#### [Supplied material]
============================================================
(* For integers $n\ge1$ and $d\ge1$, let $N(n,d)$ be the number of cycle set structures on a fixed $n$-element set whose class divides $d$. If $d=p_1^{a_1}\cdots p_r^{a_r}$ is the prime factorization of $d$, then $$N(n,d)\le\prod_{i=1}^r N(n,p_i^{a_i}).$$
   Context: A cycle set structure on a set $S$ is a binary operation $*$ such that for every $s$ the map $t\mapsto s*t$ is a bijection of $S$ and $(s*t)*(s*u)=(t*s)*(t*u)$ for all $s,t,u\in S$. Write $S=\{s_1,\dots,s_n\}$, let $\psi(s)\in\mathfrak S_n$ satisfy $s_i*s_j=s_{\psi(s_i)(j)}$, $T(s)=s*s$, and $\psi_k(s)=\psi(T^{k-1}(s))\circ\cdots\circ\psi(T(s))\circ\psi(s)$. The class of the cycle set is the least integer $d\ge1$ with $\psi_d(s)=\mathrm{id}$ for all $s\in S$. (The paper does not specify whether cycle sets are counted up to isomorphism; here they are counted as operations on a fixed labelled set.) *)

From mathcomp Require Import all_boot.
Set Implicit Arguments. Unset Strict Implicit. Unset Printing Implicit Defensive.

(* A binary operation on the labelled set S = 'I_n, as a curried finite function:
   op s t = s * t.  psi(s) is the map t |-> s * t. *)
Definition binop (n : nat) := {ffun 'I_n -> {ffun 'I_n -> 'I_n}}.

Definition is_cycle_set n (op : binop n) : bool :=
  [forall s, injectiveb (op s)] &&
  [forall s, forall t, forall u, op (op s t) (op s u) == op (op t s) (op t u)].

Definition Tmap n (op : binop n) (s : 'I_n) : 'I_n := op s s.

Fixpoint psik n (op : binop n) (k : nat) (s : 'I_n) : 'I_n -> 'I_n :=
  match k with
  | 0 => id
  | k'.+1 => fun t => op (iter k' (Tmap op) s) (psik op k' s t)
  end.

Definition psik_trivial n (op : binop n) (k : nat) : bool :=
  [forall s, forall t, psik op k s t == t].

Definition is_class n (op : binop n) (c : nat) : bool :=
  (0 < c) && psik_trivial op c && [forall k : 'I_c, (0 < k) ==> ~~ psik_trivial op k].

(* the class exists and divides d (for d >= 1 the class is then <= d) *)
Definition class_divides n (op : binop n) (d : nat) : bool :=
  [exists c : 'I_d.+1, is_class op c && (c %| d)].

Definition Ncs (n d : nat) : nat :=
  #|[set op : binop n | is_cycle_set op && class_divides op d]|.

From mathcomp Require Import all_boot.
Set Implicit Arguments. Unset Strict Implicit. Unset Printing Implicit Defensive.

(* The k-cabling s *_k t := psi_k(s)(t) of a cycle set is again a cycle set,
   and psi_m of the k-cabling is psi_{km} of the original.  Hence, for coprime
   a and b, a cycle set whose class divides ab is sent to a pair (b-cabling,
   a-cabling) whose classes divide a and b respectively.  This map is
   injective: since psi_{x+y} is determined by psi_x and psi_y, the pair
   determines psi_N for every N = ai + bj, and choosing N = 1 mod ab gives
   psi_N = psi_1, i.e. the operation itself. *)

Section Psik.
Variable n : nat.
Implicit Types (op : binop n) (s t u : 'I_n).

Lemma psik_diag op k s : psik op k s s = iter k (Tmap op) s.
Proof. by elim: k => //= k ->. Qed.

Lemma psikD op a b s t :
  psik op (a + b) s t = psik op b (psik op a s s) (psik op a s t).
Proof.
elim: b => [|b IHb]; first by rewrite addn0.
by rewrite addnS /= IHb psik_diag -iterD addnC.
Qed.

Lemma psikS op a s t : psik op a.+1 s t = psik op a (op s s) (op s t).
Proof. by rewrite -add1n psikD. Qed.

Definition psik_eq op1 op2 k := forall s t, psik op1 k s t = psik op2 k s t.

Lemma psik_eqD op1 op2 a b :
  psik_eq op1 op2 a -> psik_eq op1 op2 b -> psik_eq op1 op2 (a + b).
Proof. by move=> Ea Eb s t; rewrite !psikD !Ea Eb. Qed.

Lemma psik_eqMn op1 op2 a j : psik_eq op1 op2 a -> psik_eq op1 op2 (a * j).
Proof.
move=> Ea; elim: j => [|j IHj]; first by rewrite muln0.
by rewrite mulnS; apply: psik_eqD.
Qed.

Lemma psik_eq1 op1 op2 : psik_eq op1 op2 1 -> op1 = op2.
Proof. by move=> E1; apply/ffunP=> s; apply/ffunP=> t; apply: E1. Qed.

Definition idop : binop n := [ffun _ => [ffun t => t]].

Lemma psik_idop k s t : psik idop k s t = t.
Proof. by elim: k => //= k ->; rewrite !ffunE. Qed.

Lemma psik_trivialP op k : reflect (psik_eq op idop k) (psik_trivial op k).
Proof.
apply: (iffP forallP) => [triv s t | triv s]; last first.
  by apply/forallP => t; rewrite triv psik_idop.
by rewrite psik_idop; apply/eqP; move/forallP: (triv s).
Qed.

Lemma psik_eq_idop_subn op a b :
  psik_eq op idop a -> psik_eq op idop (a + b) -> psik_eq op idop b.
Proof. by move=> Ea Eab s t; have := Eab s t; rewrite psikD !Ea !psik_idop. Qed.

Lemma psik_modn op d m s t :
  psik_eq op idop d -> psik op m s t = psik op (m %% d) s t.
Proof.
move=> Ed; rewrite {1}(divn_eq m d) mulnC psikD.
by rewrite !(psik_eqMn (m %/ d) Ed) !psik_idop.
Qed.

Lemma class_dividesP op d :
  0 < d -> reflect (psik_eq op idop d) (class_divides op d).
Proof.
move=> d_gt0; apply: (iffP idP).
  case/existsP=> c /andP[/andP[/andP[_ /psik_trivialP Ec] _] c_d].
  by rewrite -(divnK c_d) mulnC; apply: psik_eqMn.
move=> Ed; pose P m := (0 < m) && psik_trivial op m.
have P_d : P d by rewrite /P d_gt0; apply/psik_trivialP.
have [c /andP[c_gt0 /psik_trivialP Ec] c_min] := ex_minnP (ex_intro P d P_d).
have c_le_d : c < d.+1 by rewrite ltnS c_min.
have c_d : c %| d.
  have Er : psik_eq op idop (d %% c).
    apply: (@psik_eq_idop_subn _ (d %/ c * c)).
      by rewrite mulnC; apply: psik_eqMn.
    by rewrite -divn_eq.
  apply: contraT; rewrite /dvdn -lt0n => r_gt0.
  have : c <= d %% c by rewrite c_min // /P r_gt0; apply/psik_trivialP.
  by rewrite leqNgt ltn_mod c_gt0.
apply/existsP; exists (Ordinal c_le_d); rewrite /= c_d andbT /is_class c_gt0 /=.
apply/andP; split; first exact/psik_trivialP.
apply/forallP=> k; apply/implyP=> k_gt0; apply: contraTN (ltn_ord k) => Pk.
by rewrite -leqNgt c_min // /P k_gt0.
Qed.

Definition cabling op k : binop n := [ffun s => [ffun t => psik op k s t]].

Lemma psik_eq_cabling op1 op2 k :
  cabling op1 k = cabling op2 k -> psik_eq op1 op2 k.
Proof. by move=> E s t; have := congr1 (fun op => op s t) E; rewrite !ffunE. Qed.

Lemma psik_cabling op k m s t : psik (cabling op k) m s t = psik op (k * m) s t.
Proof.
elim: m t => [|m IHm] t; first by rewrite muln0.
rewrite /= IHm mulnS addnC psikD !ffunE psik_diag; congr (psik _ _ _ _).
rewrite mulnC iterM; apply: eq_iter => x.
by rewrite /Tmap !ffunE psik_diag.
Qed.

Definition cycle_law op := forall s t u, op (op s t) (op s u) = op (op t s) (op t u).

Lemma is_cycle_setP op :
  reflect ((forall s, injective (op s)) /\ cycle_law op) (is_cycle_set op).
Proof.
apply: (iffP andP) => [[/forallP inj /forallP law] | [inj law]]; split.
- by move=> s; apply/injectiveP.
- by move=> s t u; apply/eqP; move/forallP: (law s) => /(_ t)/forallP/(_ u).
- by apply/forallP=> s; apply/injectiveP.
- by do 3!apply/forallP=> ?; apply/eqP.
Qed.

Lemma psik_cycle_law op : cycle_law op -> forall a b s t u,
  psik op b (psik op a s t) (psik op a s u) = psik op a (psik op b t s) (psik op b t u).
Proof.
move=> law.
pose I a b := forall s t u,
  psik op b (psik op a s t) (psik op a s u) = psik op a (psik op b t s) (psik op b t u).
have I_sym a b : I a b -> I b a by move=> Iab s t u; rewrite Iab.
have I_S a b : I a b -> I 1 b -> I a.+1 b.
  move=> Iab I1b s t u; rewrite !psikS Iab.
  by have /= -> := I1b s t u; have /= -> := I1b s t s.
have I_1 a : I a 1 by elim: a => [|a IHa] s t u //; apply: I_S => // ? ? ?; apply: law.
by elim=> [|a IHa] b s t u //; apply: I_S => //; apply: I_sym.
Qed.

Lemma cabling_cycle_set op k : is_cycle_set op -> is_cycle_set (cabling op k).
Proof.
case/is_cycle_setP=> inj law; apply/is_cycle_setP; split.
  move=> s x y; rewrite !ffunE.
  by elim: k x y => [|k IHk] x y //= /inj; apply: IHk.
by move=> s t u; rewrite !ffunE; apply: psik_cycle_law.
Qed.

End Psik.

Arguments idop {n}.

Section Counting.
Variable n : nat.

Definition cycle_sets_class_dvd d :=
  [set op : binop n | is_cycle_set op && class_divides op d].

Lemma cabling_class_dvd (op : binop n) a b :
  0 < a -> 0 < b -> class_divides op (a * b) -> class_divides (cabling op b) a.
Proof.
move=> a_gt0 b_gt0 /class_dividesP; rewrite muln_gt0 a_gt0 b_gt0 => /(_ isT) Eab.
by apply/class_dividesP => // s t; rewrite psik_cabling psik_idop mulnC Eab psik_idop.
Qed.

Lemma coprime_addMn_mod1 a b :
  coprime a b -> exists i j, a * i + b * j = 1 %[mod a * b].
Proof.
move=> co_ab; exists (egcdn a b).1, (egcdn b a).1.
have -> : a * (egcdn a b).1 + b * (egcdn b a).1 = chinese a b 1 1.
  by rewrite /chinese !mul1n addnC.
apply/eqP; rewrite chinese_remainder //.
by rewrite (chinese_modl co_ab) (chinese_modr co_ab) !eqxx.
Qed.

Lemma cabling_pair_inj a b : 0 < a -> 0 < b -> coprime a b ->
  {in cycle_sets_class_dvd (a * b) &,
    injective (fun op : binop n => (cabling op b, cabling op a))}.
Proof.
move=> a_gt0 b_gt0 co_ab op1 op2.
have ab_gt0 : 0 < a * b by rewrite muln_gt0 a_gt0.
rewrite !inE => /andP[_ /(class_dividesP _ ab_gt0) E1].
move=> /andP[_ /(class_dividesP _ ab_gt0) E2].
case=> /psik_eq_cabling Eb /psik_eq_cabling Ea.
have [i [j N_1]] := coprime_addMn_mod1 co_ab.
have EN : psik_eq op1 op2 (a * i + b * j) by apply: psik_eqD; apply: psik_eqMn.
have psik1_N (op : binop n) : psik_eq op idop (a * b) ->
    forall s t, psik op 1 s t = psik op (a * i + b * j) s t.
  by move=> Eop s t; rewrite (psik_modn _ _ _ Eop) -N_1 -(psik_modn _ _ _ Eop).
by apply: psik_eq1 => s t; rewrite (psik1_N _ E1) (psik1_N _ E2) EN.
Qed.

Lemma Ncs_coprime_mul a b : 0 < a -> 0 < b -> coprime a b ->
  Ncs n (a * b) <= Ncs n a * Ncs n b.
Proof.
move=> a_gt0 b_gt0 co_ab.
rewrite /Ncs -!/(cycle_sets_class_dvd _) -cardsX.
rewrite -(card_in_imset (cabling_pair_inj a_gt0 b_gt0 co_ab)).
apply/subset_leq_card/subsetP => x /imsetP[op]; rewrite inE => /andP[cs_op cd_op] ->.
rewrite !inE /= !cabling_cycle_set //= cabling_class_dvd //=.
by rewrite cabling_class_dvd // mulnC.
Qed.

Lemma Ncs1 : Ncs n 1 <= 1.
Proof.
rewrite -[X in _ <= X](cards1 (@idop n)); apply/subset_leq_card/subsetP => op.
by rewrite !inE => /andP[_ /(class_dividesP _ (isT : 0 < 1)) /psik_eq1 ->].
Qed.

End Counting.

Lemma submul_prime_powers (f : nat -> nat) :
  f 1 <= 1 ->
  (forall a b, 0 < a -> 0 < b -> coprime a b -> f (a * b) <= f a * f b) ->
  forall d, 0 < d -> f d <= \prod_(p <- primes d) f (p ^ logn p d).
Proof.
move=> f1 fM d d_gt0.
rewrite {1}(prod_prime_decomp d_gt0) prime_decompE big_map /=.
elim: (primes d) (primes_uniq d) (all_prime_primes d) => [|p r IHr].
  by rewrite !big_nil.
rewrite /= => /andP[p_r r_uniq] /andP[p_pr r_pr]; rewrite !big_cons.
have q_pr q : q \in r -> prime q by move/allP: r_pr; apply.
have p_gt0 : 0 < p ^ logn p d by rewrite expn_gt0 prime_gt0.
have r_gt0 : 0 < \prod_(q <- r) q ^ logn q d.
  by rewrite big_seq prodn_gt0 // => q /q_pr/prime_gt0; rewrite expn_gt0 => ->.
have p_r_coprime : coprime (p ^ logn p d) (\prod_(q <- r) q ^ logn q d).
  rewrite coprimeXl // big_seq; elim/big_ind: _ => [|x y|q q_r].
  - exact: coprimen1.
  - by rewrite coprimeMr => -> ->.
  rewrite coprimeXr // prime_coprime // dvdn_prime2 ?(q_pr q) //.
  by apply: contraNN p_r => /eqP ->.
by apply: leq_trans (fM _ _ p_gt0 r_gt0 p_r_coprime) _; rewrite leq_mul ?IHr.
Qed.

Theorem mainTheorem14 (n d : nat) : 0 < n -> 0 < d ->
  Ncs n d <= \prod_(p <- primes d) Ncs n (p ^ logn p d).
Proof.
move=> _; apply: submul_prime_powers; [exact: Ncs1 | exact: Ncs_coprime_mul].
Qed.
============================================================
#### [Prompt]
When a line of the data holds the string "exact", pick it out and copy it.

#### [Your solution]
apply/andP; split; first exact/psik_trivialP.
  - exact: coprimen1.
move=> _; apply: submul_prime_powers; [exact: Ncs1 | exact: Ncs_coprime_mul].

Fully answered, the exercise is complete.